[Recorded data]
BEGIN
(* Let $q_0,\dots,q_{T-1}\in\mathcal S^{d-1}$ be a fixed sequence of recommendations spanning $\mathbb{R}^d$, and let step sizes be either constant $\eta_t=\eta$ or decreasing $\eta_t=\frac{\eta}{t+s}$. Define $\Phi_0=I$, $\Phi_{t+1}=(I+\eta_tq_tq_t^\top)\Phi_t$, and $F_T:\mathcal S^{d-1}\to\mathbb{R}^T$ by \[F_T(p_0)=\left(\frac{q_0^\top\Phi_0p_0}{\|\Phi_0p_0\|},\dots,\frac{q_{T-1}^\top\Phi_{T-1}p_0}{\|\Phi_{T-1}p_0\|}\right),\] which is the sequence of affinities $y_t=q_t^\top p_t$ generated by the dynamics $\tilde p_{t+1}=p_t+\eta_t(p_t^\top q_t)q_t$, $p_{t+1}=\tilde p_{t+1}/\|\tilde p_{t+1}\|_2$ from initial preference $p_0$. Then $F_T$ is locally invertible around every $p_0\in\mathcal S^{d-1}$: its differential at $p_0$, as a linear map from the tangent space of $\mathcal S^{d-1}$ at $p_0$ to $\mathbb{R}^T$, is injective.
   Context: $\mathcal S^{d-1}$ is the unit sphere in $\mathbb{R}^d$, viewed as a smooth manifold. In the constant step-size setting $\eta>0$; in the decreasing setting $\eta,s$ are positive integers. *)

From HB Require Import structures.
From mathcomp Require Import all_boot all_order all_algebra.
From mathcomp Require Import all_classical all_reals all_analysis.
Set Implicit Arguments. Unset Strict Implicit. Unset Printing Implicit Defensive.
Import Order.TTheory GRing.Theory Num.Theory.
Import numFieldNormedType.Exports.
Local Open Scope ring_scope.

(* Euclidean (l2) norm of a column vector; MathComp-Analysis' matrix norm is
   the sup norm, so we define the Euclidean one explicitly. *)
Definition enorm (R : realType) (d : nat) (x : 'cV[R]_d) : R :=
  Num.sqrt (\sum_(i < d) x i 0 ^+ 2).

Definition dotv (R : realType) (d : nat) (u v : 'cV[R]_d) : R := (u^T *m v) 0 0.

Definition step_size_rule (R : realType) (eta : nat -> R) : Prop :=
  (exists e : R, 0 < e /\ forall t, eta t = e)
  \/ (exists e s : nat, (0 < e)%N /\ (0 < s)%N /\
        forall t, eta t = e%:R / (t + s)%:R).

(* the sequence q_0, ..., q_{T-1}, extended by 0 outside (never used) *)
Definition qnat (R : realType) (d T : nat) (q : 'I_T -> 'cV[R]_d) (t : nat)
  : 'cV[R]_d := if insub t is Some i then q i else 0.

Fixpoint Phi (R : realType) (d T : nat) (eta : nat -> R)
  (q : 'I_T -> 'cV[R]_d) (t : nat) : 'M[R]_d :=
  match t with
  | 0 => 1%:M
  | t'.+1 => (1%:M + eta t' *: (qnat q t' *m (qnat q t')^T)) *m Phi eta q t'
  end.

(* F_T(p) = ( q_t^T Phi_t p / ||Phi_t p|| )_{t < T}, defined on all of R^d
   (the sphere map is its restriction). *)
Definition FT (R : realType) (d T : nat) (eta : nat -> R)
  (q : 'I_T -> 'cV[R]_d) (p : 'cV[R]_d) : 'rV[R]_T :=
  \row_(i < T) (dotv (q i) (Phi eta q i *m p) / enorm (Phi eta q i *m p)).

Definition tangent (R : realType) (d : nat) (p v : 'cV[R]_d) : Prop :=
  dotv p v = 0.

From HB Require Import structures.
From mathcomp Require Import all_boot all_order all_algebra.
From mathcomp Require Import all_classical all_reals all_analysis.
From mathcomp Require Import ring.
Import Order.TTheory GRing.Theory Num.Theory.
Import numFieldNormedType.Exports.
Local Open Scope ring_scope.
Set Implicit Arguments. Unset Strict Implicit.

(* Let v be tangent at p with dF_T(p) v = 0; we show q_t . v = 0 by strong
   induction on t.  If q_s . v = 0 for all s < t, each factor
   I + eta_s q_s q_s^T of Phi_t fixes v, and so does Phi_t^T since the factors
   are symmetric.  Hence Phi_t v = v and Phi_t p . Phi_t v = p . v = 0: the
   radial term of the derivative of x |-> q_t . Phi_t x / |Phi_t x| vanishes,
   leaving q_t . v / |Phi_t p| = 0.  As the q_t span R^d, v = 0. *)

Section LinearMxDifferentiation.
Variables (R : realType) (m n : nat) (W : normedModType R).
Variables (f : 'M[R]_(m, n) -> W) (f_linear : linear f).

Let fL : {linear 'M[R]_(m, n) -> W} :=
  HB.pack f (GRing.isLinear.Build _ _ _ _ _ f_linear).

Lemma linear_mx_differentiable p : differentiable f p.
Proof.
have -> : f = \sum_(i < m) \sum_(j < n)
                (fun x : 'M[R]_(m, n) => x i j *: f (delta_mx i j)).
  apply/funext => x; rewrite {1}(matrix_sum_delta x) !fct_sumE.
  rewrite [f _](linear_sum fL); apply: eq_bigr => i _.
  rewrite fct_sumE linear_sum; apply: eq_bigr => j _.
  exact: linearZ.
apply: differentiable_sum => i; apply: differentiable_sum => j.
exact/differentiableZl/differentiable_coord.
Qed.

Lemma derive_linear_mx p v : 'D_v f p = f v.
Proof.
rewrite deriveE; last exact: linear_mx_differentiable.
have -> : f = fL by [].
rewrite diff_lin // => x.
exact/differentiable_continuous/linear_mx_differentiable.
Qed.

End LinearMxDifferentiation.

Section MatrixValuedDifferentiation.
Variables (R : realType) (V : normedModType R) (m n : nat).
Variables (F : V -> 'M[R]_(m, n)) (p : V).

Lemma differentiable_mx :
  (forall i j, differentiable (fun x => F x i j) p) -> differentiable F p.
Proof.
move=> dFij.
have -> : F = \sum_(i < m) \sum_(j < n) (fun x => F x i j *: delta_mx i j).
  apply/funext => x; rewrite {1}(matrix_sum_delta (F x)) fct_sumE.
  by apply: eq_bigr => i _; rewrite fct_sumE.
apply: differentiable_sum => i; apply: differentiable_sum => j.
exact: differentiableZl.
Qed.

Lemma derive_coord v i j :
  differentiable F p -> 'D_v (fun x => F x i j) p = 'd F p v i j.
Proof.
by move=> dF; rewrite -deriveE // derive_mx ?mxE //; exact: diff_derivable.
Qed.

End MatrixValuedDifferentiation.

Section EuclideanInnerProduct.
Variables (R : realType) (d : nat).
Implicit Types (u v w : 'cV[R]_d) (A : 'M[R]_d).

Lemma dotvC u v : dotv u v = dotv v u.
Proof. by rewrite /dotv !mxE; apply: eq_bigr => k _; rewrite !mxE mulrC. Qed.

Lemma dotvDr u v w : dotv u (v + w) = dotv u v + dotv u w.
Proof. by rewrite /dotv mulmxDr mxE. Qed.

Lemma dotvZr u a v : dotv u (a *: v) = a * dotv u v.
Proof. by rewrite /dotv -scalemxAr mxE. Qed.

Lemma dotv0r u : dotv u 0 = 0.
Proof. by rewrite /dotv mulmx0 mxE. Qed.

Lemma dotv_mulmxl A u v : dotv (A *m u) v = dotv u (A^T *m v).
Proof. by rewrite /dotv trmx_mul mulmxA. Qed.

Lemma dotvvE u : dotv u u = \sum_(i < d) u i 0 ^+ 2.
Proof. by rewrite /dotv mxE; apply: eq_bigr => k _; rewrite mxE expr2. Qed.

Lemma dotvv_ge0 u : 0 <= dotv u u.
Proof. by rewrite dotvvE; apply: sumr_ge0 => i _; exact: sqr_ge0. Qed.

Lemma dotvv_eq0 u : (dotv u u == 0) = (u == 0).
Proof.
apply/eqP/eqP => [|->]; last exact: dotv0r.
rewrite dotvvE => /psumr_eq0P u0; apply/matrixP => i j; rewrite (ord1 j) mxE.
by apply/eqP; rewrite -sqrf_eq0; apply/eqP/u0 => // k _; exact: sqr_ge0.
Qed.

Lemma enormE u : enorm u = Num.sqrt (dotv u u).
Proof. by rewrite dotvvE. Qed.

Lemma enorm_eq0 u : (enorm u == 0) = (u == 0).
Proof. by rewrite enormE sqrtr_eq0 le_eqVlt ltNge dotvv_ge0 orbF dotvv_eq0. Qed.

End EuclideanInnerProduct.

Section NormalizedProjection.
Variables (R : realType) (d : nat) (M : 'M[R]_d) (u : 'cV[R]_d).
Implicit Types (p v x : 'cV[R]_d).

Lemma coord_mulmx_linear j : linear (fun x => (M *m x) j 0).
Proof. by move=> a x y; rewrite mulmxDr -scalemxAr !mxE. Qed.

Lemma dotv_mulmx_linear : linear (fun x => dotv u (M *m x)).
Proof. by move=> a x y; rewrite mulmxDr -scalemxAr dotvDr dotvZr. Qed.

Lemma sqnorm_mulmxE :
  (fun x => dotv (M *m x) (M *m x)) =
  \sum_(j < d) ((fun x => (M *m x) j 0) * (fun x => (M *m x) j 0)).
Proof.
by apply/funext => x; rewrite dotvvE fct_sumE; apply: eq_bigr => j _.
Qed.

Lemma differentiable_sqnorm_mulmx p :
  differentiable (fun x => dotv (M *m x) (M *m x)) p.
Proof.
rewrite sqnorm_mulmxE; apply: differentiable_sum => j.
by apply: differentiableM; exact/linear_mx_differentiable/coord_mulmx_linear.
Qed.

Lemma derive_sqnorm_mulmx p v :
  'D_v (fun x => dotv (M *m x) (M *m x)) p = 2 * dotv (M *m p) (M *m v).
Proof.
have coord_derivable j : derivable (fun x => (M *m x) j 0) p v.
  exact/diff_derivable/linear_mx_differentiable/coord_mulmx_linear.
rewrite sqnorm_mulmxE derive_sum => [|j]; last first.
  by apply/diff_derivable/differentiableM;
    exact/linear_mx_differentiable/coord_mulmx_linear.
rewrite /dotv mxE mulr_sumr; apply: eq_bigr => j _.
rewrite deriveM // !derive_linear_mx; last exact: coord_mulmx_linear.
by rewrite !mxE /GRing.scale /= -mulr2n mulr_natl mulrC.
Qed.

Lemma enorm_mulmxE :
  (fun x => enorm (M *m x)) = Num.sqrt \o (fun x => dotv (M *m x) (M *m x)).
Proof. by apply/funext => x; rewrite /= enormE. Qed.

Section AwayFromKernel.
Variables (p : 'cV[R]_d) (Mp_neq0 : M *m p != 0).

Let sqnorm_gt0 : 0 < dotv (M *m p) (M *m p).
Proof. by rewrite lt_def dotvv_eq0 Mp_neq0 dotvv_ge0. Qed.

Let enorm_neq0 : enorm (M *m p) != 0.
Proof. by rewrite enorm_eq0. Qed.

Let sqrt_differentiable : differentiable Num.sqrt (dotv (M *m p) (M *m p)).
Proof. by apply/derivable1_diffP; have [] := is_derive1_sqrt sqnorm_gt0. Qed.

Lemma differentiable_enorm_mulmx : differentiable (fun x => enorm (M *m x)) p.
Proof.
rewrite enorm_mulmxE; apply: differentiable_comp => //.
exact: differentiable_sqnorm_mulmx.
Qed.

Lemma derive_enorm_mulmx v :
  'D_v (fun x => enorm (M *m x)) p = dotv (M *m p) (M *m v) / enorm (M *m p).
Proof.
rewrite deriveE; last exact: differentiable_enorm_mulmx.
rewrite enorm_mulmxE diff_comp; last 2 first.
- exact: differentiable_sqnorm_mulmx.
- exact: sqrt_differentiable.
rewrite /= -[X in 'd _ _ X]deriveE; last exact: differentiable_sqnorm_mulmx.
rewrite deriv1E; last exact/derivable1_diffP/sqrt_differentiable.
rewrite derive_sqnorm_mulmx /= derive1E derive_sqrt // -enormE.
by rewrite /GRing.scale /=; field.
Qed.

Lemma differentiable_normalized_dotv :
  differentiable (fun x => dotv u (M *m x) / enorm (M *m x)) p.
Proof.
apply: differentiableM; first exact/linear_mx_differentiable/dotv_mulmx_linear.
exact: differentiableV differentiable_enorm_mulmx enorm_neq0.
Qed.

Lemma derive_normalized_dotv v :
  'D_v (fun x => dotv u (M *m x) / enorm (M *m x)) p =
  dotv u (M *m v) / enorm (M *m p)
  - dotv u (M *m p) * dotv (M *m p) (M *m v) / enorm (M *m p) ^+ 3.
Proof.
have enorm_derivable : derivable (fun x => enorm (M *m x)) p v.
  exact/diff_derivable/differentiable_enorm_mulmx.
rewrite deriveM; last 2 first.
- exact/diff_derivable/linear_mx_differentiable/dotv_mulmx_linear.
- exact: derivableV.
rewrite deriveV // derive_enorm_mulmx.
rewrite derive_linear_mx; last exact: dotv_mulmx_linear.
by rewrite /GRing.scale /=; field.
Qed.

End AwayFromKernel.
End NormalizedProjection.

Section RankOneUpdate.
Variables (R : realType) (d : nat).
Implicit Types (v w y : 'cV[R]_d).

Definition rank1_update (e : R) w : 'M[R]_d := 1%:M + e *: (w *m w^T).

Lemma tr_rank1_update e w : (rank1_update e w)^T = rank1_update e w.
Proof.
by rewrite /rank1_update linearD /= tr_scalar_mx linearZ /= trmx_mul trmxK.
Qed.

Lemma rank1_updateM e w y :
  rank1_update e w *m y = y + (e * dotv w y) *: w.
Proof.
rewrite /rank1_update mulmxDl mul1mx -scalemxAl -mulmxA.
by rewrite [w^T *m y]mx11_scalar mul_mx_scalar scalerA.
Qed.

Lemma rank1_update_fix e w v : dotv w v = 0 -> rank1_update e w *m v = v.
Proof. by move=> wv; rewrite rank1_updateM wv mulr0 scale0r addr0. Qed.

Lemma mulmx_rank1_update_eq0 e w y :
  0 <= e -> (rank1_update e w *m y == 0) = (y == 0).
Proof.
move=> e_ge0; apply/idP/idP => [|/eqP->]; last by rewrite mulmx0.
move=> /eqP Ay0; rewrite -dotvv_eq0 eq_le dotvv_ge0 andbT.
have : dotv y (rank1_update e w *m y) = 0 by rewrite Ay0 dotv0r.
rewrite rank1_updateM dotvDr dotvZr (dotvC y w) -mulrA -expr2 => <-.
by rewrite lerDl mulr_ge0 ?sqr_ge0.
Qed.

End RankOneUpdate.

Lemma step_size_rule_ge0 (R : realType) (eta : nat -> R) :
  step_size_rule eta -> forall t, 0 <= eta t.
Proof.
case=> [[e [e_gt0 etaE]]|[e [s [_ [_ etaE]]]]] t; rewrite etaE.
  exact: ltW.
by rewrite divr_ge0.
Qed.

Section Dynamics.
Variables (R : realType) (d T : nat) (q : 'I_T -> 'cV[R]_d) (eta : nat -> R).
Hypothesis eta_ge0 : forall t, 0 <= eta t.

Lemma qnatE (i : 'I_T) : qnat q i = q i.
Proof. by rewrite /qnat valK. Qed.

Lemma PhiS t : Phi eta q t.+1 = rank1_update (eta t) (qnat q t) *m Phi eta q t.
Proof. by []. Qed.

Lemma mulmx_Phi_eq0 t (p : 'cV[R]_d) : (Phi eta q t *m p == 0) = (p == 0).
Proof.
elim: t => [|t IHt]; first by rewrite /= mul1mx.
by rewrite PhiS -mulmxA mulmx_rank1_update_eq0.
Qed.

Lemma Phi_fix t (v : 'cV[R]_d) :
  (forall s, (s < t)%N -> dotv (qnat q s) v = 0) ->
  Phi eta q t *m v = v /\ (Phi eta q t)^T *m v = v.
Proof.
elim: t => [|t IHt] qv; first by rewrite trmx1 !mul1mx.
have [Phi_v PhiT_v] := IHt (fun s lt_st => qv s (ltnW lt_st)).
have A_v := rank1_update_fix (eta t) (qv t (ltnSn t)).
by rewrite PhiS trmx_mul tr_rank1_update -!mulmxA Phi_v A_v PhiT_v.
Qed.

Lemma FT_coordE (x : 'cV[R]_d) (i : 'I_T) :
  FT eta q x 0 i = dotv (q i) (Phi eta q i *m x) / enorm (Phi eta q i *m x).
Proof. by rewrite mxE. Qed.

Lemma differentiable_FT p : p != 0 -> differentiable (FT eta q) p.
Proof.
move=> p_neq0; apply: differentiable_mx => i j; rewrite (ord1 i).
under eq_fun do rewrite FT_coordE.
by apply: differentiable_normalized_dotv; rewrite mulmx_Phi_eq0.
Qed.

Lemma dFT_eq0_orthogonal p v : p != 0 -> dotv p v = 0 ->
  'd (FT eta q) p v = 0 -> forall t, (t < T)%N -> dotv (qnat q t) v = 0.
Proof.
move=> p_neq0 pv dFv; elim/ltn_ind => t IHt lt_tT.
have [Phi_v PhiT_v] : Phi eta q t *m v = v /\ (Phi eta q t)^T *m v = v.
  by apply: Phi_fix => s lt_st; apply: IHt (ltn_trans lt_st lt_tT).
pose i := Ordinal lt_tT; rewrite -[t]/(val i) qnatE.
have Phi_p_neq0 : Phi eta q i *m p != 0 by rewrite mulmx_Phi_eq0.
have orth : dotv (Phi eta q i *m p) (Phi eta q i *m v) = 0.
  by rewrite Phi_v dotv_mulmxl PhiT_v.
have := derive_coord v 0 i (differentiable_FT p_neq0).
under eq_fun do rewrite FT_coordE.
rewrite dFv mxE derive_normalized_dotv // orth mulr0 mul0r subr0 Phi_v => /eqP.
by rewrite mulf_eq0 invr_eq0 enorm_eq0 (negbTE Phi_p_neq0) orbF => /eqP.
Qed.

End Dynamics.

Theorem proposition7 (R : realType) (d T : nat) (q : 'I_T -> 'cV[R]_d)
  (eta : nat -> R) :
  (forall i, enorm (q i) = 1) ->
  row_full (\matrix_(i < T) (q i)^T) ->
  step_size_rule eta ->
  forall p0 : 'cV[R]_d, enorm p0 = 1 ->
    differentiable (FT eta q) p0 /\
    (forall v : 'cV[R]_d, tangent p0 v -> 'd (FT eta q) p0 v = 0 -> v = 0).
Proof.
move=> _ q_full /step_size_rule_ge0 eta_ge0 p0 p0_unit.
have p0_neq0 : p0 != 0 by rewrite -enorm_eq0 p0_unit oner_neq0.
split=> [|v p0v dFv]; first exact: differentiable_FT.
apply: (row_full_inj q_full); rewrite mulmx0; apply/matrixP => i j.
rewrite (ord1 j) [RHS]mxE.
rewrite -(dFT_eq0_orthogonal eta_ge0 p0_neq0 p0v dFv (ltn_ord i)) qnatE.
by rewrite /dotv !mxE; apply: eq_bigr => k _; rewrite !mxE.
Qed.
Lemma eventE : event = [set o | r_tot_gtb src tgt red u v (w o) r &&
                                Delta_leb src tgt red u v (w o) r (r + eps)].
Proof.
have c_ge0 : 0 <= r + eps by rewrite addr_ge0 // ltW.
apply/seteqP; split => o /=; have DleP := Delta_leP src tgt red u v (w o) r c_ge0.
  by move=> [/(r_tot_gtP _ _ red_path) -> /DleP].
by move=> /andP [/(r_tot_gtP _ _ red_path) rtot /DleP].
Qed.

Lemma measurable_event : measurable event.
Proof.
rewrite eventE; apply: measurable_bool_set.
rewrite /r_tot_gtb /Delta_leb /minimal_pathb /dominates.
measurable_bool ltac:(first [exact: measurable_wred | exact: measurable_wgreen]).
Qed.

Lemma phi_ge0 e : red e -> 0 <= phi e.
Proof. by move=> re; case/andP: (f_bnd re ltr01) => /le_trans; apply. Qed.

Lemma density_bnd e : red e -> forall t, 0 <= f e t <= phi e.
Proof.
move=> re t; have [t_le0 | t_gt0] := leP t 0; last exact: f_bnd.
by rewrite f_le0 // lexx phi_ge0.
Qed.

Section edge.
Variables (e : E) (dl : R) (K : nat).
Hypotheses (re : red e) (dl_gt0 : 0 < dl).

Local Notation T_off := (g_sigma_algebraType (cylinders_off_trace red W e)).

Lemma measurable_wred_except_off s :
  measurable_fun (setT : set T_off) (fun o => wred_except red (w o) e s).
Proof.
apply: measurable_sum_cond => i /andP [ri ie]; rewrite /w ri.
exact: measurable_fun_off.
Qed.

Lemma measurable_wgreen_off s :
  measurable_fun (setT : set T_off) (fun o => wgreen red (w o) s).
Proof. by apply: measurable_sum_cond => i /negbTE gi; rewrite /w gi. Qed.
Lemma simplex_compact n T : compact (simplex n T).
Proof.
pose box := [set v : 'rV[R]_n | forall i, (fun=> `[0, T]%classic) i (v ord0 i)].
have box_compact : compact box by apply: rV_compact => _; exact: segment_compact.
apply: (subclosed_compact _ box_compact).
- have -> : simplex n T = \bigcap_(i in setT) [set v : 'rV[R]_n | 0 <= v ord0 i] `&`
      [set v | \sum_i v ord0 i = T].
    apply/seteqP; split => v /= [v_ge0 vT]; split => // i; last exact: v_ge0.
    by move=> _; exact: v_ge0.
  apply: closedI.
    apply: closed_bigI => i _.
    exact: (continuous_closedP _).1 (@coord_continuous R 1 n ord0 i) _ (@closed_ge R 0).
  exact: (continuous_closedP _).1 (continuous_coord_sum _ _) _ (@closed_eq R T).
- move=> v [v_ge0 vT] i /=; rewrite in_itv /= v_ge0 /= -vT.
  by rewrite (bigD1 i) //= lerDl; apply: sumr_ge0 => j _; exact: v_ge0.
Qed.

Lemma simplex_neq0 n T : 0 <= T -> simplex n.+1 T !=set0.
Proof.
move=> T_ge0; exists (\row_j (if j == ord0 then T else 0)); split.
  by move=> i; rewrite mxE; case: ifP.
rewrite (bigD1 ord0) //= mxE eqxx big1 ?addr0 // => i /negbTE i_neq0.
by rewrite mxE i_neq0.
Qed.

Lemma prefix_cost_argmin (f : R -> R) n (T : R) : 0 <= T -> continuous f ->
  exists v : 'I_n.+1 -> R, [/\ (forall i, 0 <= v i), \sum_i v i = T &
    forall w : 'I_n.+1 -> R, (forall i, 0 <= w i) -> \sum_i w i = T ->
      prefix_cost f v <= prefix_cost f w].
Proof.
move=> T_ge0 f_cont.
pose J (v : 'rV[R]_n.+1) := prefix_cost f (fun i => v ord0 i).
have J_cont : {within simplex n.+1 T, continuous J}.
  apply: continuous_subspaceT; apply: continuous_big => [|i _ v].
    exact: add_continuous.
  apply: continuousM; last exact: coord_continuous.
  exact: continuous_comp (continuous_coord_sum _ _ _) (f_cont _).
have [c /set_mem [c_ge0 cT] c_min] :=
  EVT_min_rV (simplex_neq0 n T T_ge0) (simplex_compact n.+1 T) J_cont.
exists (fun i => c ord0 i); split => // w w_ge0 wT.
have := c_min (\row_j w j); rewrite /J.
have -> : (fun i => (\row_j w j) ord0 i) = w by apply/funext => i; rewrite mxE.
apply; apply/mem_set; split; first by move=> i; rewrite mxE.
by under eq_bigr do rewrite mxE.
Qed.

End realType.

Lemma rsumE (E : nat -> R) k : rsum E k = \sum_(i < k) E i.+1.
Proof. by elim: k => [|k IH]; rewrite ?big_ord0 // big_ord_recr /= IH. Qed.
END
## WORK ORDER
Every line above with the word "eventE" belongs in the answer, copied as written.

## ANSWER
Lemma eventE : event = [set o | r_tot_gtb src tgt red u v (w o) r &&
rewrite eventE; apply: measurable_bool_set.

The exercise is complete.